I am seeing qa/183 failing across lots of hosts in a full run, i.e. $
check (no args)
On investigation I see the logger and trace PMDA installed (which is
odd) and pmnewlog seems to be having trouble talking to pmlogger via
pmlc to get info about the "logger" metrics ...
Problem with lookup for metric "logger" ...
Reason: No PMCD agent for domain of request
So in an attempt to diagnose this I tried to Remove the logger PMDA and
this happened ...
[Sun Jul 28 07:08:46] pmcd(23023) Info: CleanupAgent ...
Cleanup "logger" agent (dom 106): unconfigured, exit(1)

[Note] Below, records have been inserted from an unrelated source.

Lemma enc_decomp n k (G : 'M['F_2]_n) (Gam : 'M['F_2]_(k, n)) :
  enc G Gam = graph_cz G *m Hpow n *m basis_map Gam.
Proof.
have sign_mul (i1 i2 : 'I_2) : (-1) ^+ (i1 * i2) = signF2 ((val i2)%:R * (val i1)%:R) :> algC.
  by case: i1 => [[|[|?]] ?] //; case: i2 => [[|[|?]] ?] //=; rewrite ?expr0 ?expr1.
apply/matrixP => s x; rewrite /enc mxE /graph_state -/(graph_cz G).
rewrite Zpow_diag graph_cz_diag !mul_diag_mx !mxE.
under eq_bigr do rewrite !mxE.
rewrite sum_mul_delta; under eq_bigr do rewrite mxE.
rewrite big_split /= prodr_const card_ord exprVn.
suff -> : signF2 (dotF2 (bits_rv x *m Gam) (bits_rv s)) =
    \prod_j (-1) ^+ (bitord s j * bitord (rv_index (bits_rv x *m Gam)) j) by ring.
rewrite dotF2E -signF2_sum; apply: eq_bigr => j _.
by rewrite sign_mul bits_rvE -[(val (bitord (rv_index _) j))%:R]bits_rvE rv_indexK.
Qed.

Lemma basis_map_gram n k (Gam : 'M['F_2]_(k, n)) :
  adjmx (basis_map Gam) *m basis_map Gam =
  \matrix_(x, y) (bits_rv x *m Gam == bits_rv y *m Gam)%:R.
Proof.
apply/matrixP => x y; rewrite !mxE.
under eq_bigr do rewrite !mxE conjC_nat.
by rewrite sum_mul_delta; congr (nat_of_bool _)%:R; apply/eqP/eqP => [/rv_index_inj|->].
Qed.

Definition rows_seq (F : fieldType) m n (K : 'M[F]_(m, n)) : seq 'rV[F]_n :=
  [seq row j K | j <- enum 'I_m].

Lemma size_rows_seq (F : fieldType) m n (K : 'M[F]_(m, n)) : size (rows_seq K) = m.
Proof. by rewrite size_map size_enum_ord. Qed.

Lemma nth_rows_seq (F : fieldType) m n (K : 'M[F]_(m, n)) (j : 'I_m) : (rows_seq K)`_j = row j K.
Proof. by rewrite (nth_map j) ?size_enum_ord // nth_ord_enum. Qed.

Lemma rem_nth_map (T U : Type) (f : T -> U) i s : rem_nth i (map f s) = map f (rem_nth i s).
Proof. by rewrite /rem_nth map_cat map_take map_drop. Qed.

Lemma nth_notin_rem_nth (T : eqType) (x0 : T) s i :
  uniq s -> (i < size s)%N -> nth x0 s i \notin rem_nth i s.
Proof.
move=> + lt_i_s; rewrite -{1}(cat_take_drop i s) (drop_nth x0 lt_i_s) -cat1s uniq_catCA.
by rewrite cat1s cons_uniq => /andP[].
Qed.

Lemma rem_nth_rows_sub (F : fieldType) m n (K : 'M[F]_(m, n)) (i : 'I_m) x :
  x \in rem_nth i (rows_seq K) -> (x <= row' i K)%MS.
Proof.
rewrite rem_nth_map => /mapP[j j_rem ->].
have : j != i.
  apply: contraTneq j_rem => ->; rewrite -[X in X \in _](nth_ord_enum i i).
  by apply: nth_notin_rem_nth; rewrite ?enum_uniq ?size_enum_ord.
rewrite eq_sym => /unlift_some[j' -> _].
suff -> : row (lift i j') K = row j' (row' i K) by apply: row_sub.
by apply/rowP => l; rewrite !mxE.
Qed.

->PMCD event trace: starting at Sun Jul 28 07:08:46 2013
-> New client: [1] -- unknown
?-> Xmit: ERROR PDU, fd=1028, err=0: No error
-> Recv: CREDS PDU, fd=1028, pdubuf=0xb8424000
-> Recv: CREDS PDU, fd=1028, pdubuf=0x1
-> Recv: PMNS_TRAVERSE PDU, fd=1028, pdubuf=0xb8422000
-> Xmit: PMNS_NAMES PDU, fd=1028, numpmid=1
-> Recv: PMNS_NAMES PDU, fd=1028, pdubuf=0xb8424000
-> Xmit: PMNS_IDS PDU, fd=1028, numpmid=1
-> Recv: PROFILE PDU, fd=1028, pdubuf=0xb8422000
-> Recv: FETCH PDU, fd=1028, pdubuf=0xb8424000
-> Xmit: RESULT PDU, fd=1028, numpmid=1
-> Recv: DESC_REQ PDU, fd=1028, pdubuf=0xb8422000
-> Xmit: DESC PDU, fd=1028, pmid=2.0.7
-> End client: fd=1028
-> Xmit: ERROR PDU, fd=10, err=-12391: Not Connected
-> Xmit: ERROR PDU, fd=12, err=-12391: Not Connected
-> Xmit: ERROR PDU, fd=16, err=-12391: Not Connected
-> Xmit: ERROR PDU, fd=18, err=-12391: Not Connected
-> Xmit: ERROR PDU, fd=20, err=-12391: Not Connected
-> Drop PMDA: domain=106, infd=16, outfd=17
[Sun Jul 28 07:08:46] pmcd(23023) Error: Unexpected signal 11 ...
Dumping to core ...
Now this is a non-negotiable release blocker.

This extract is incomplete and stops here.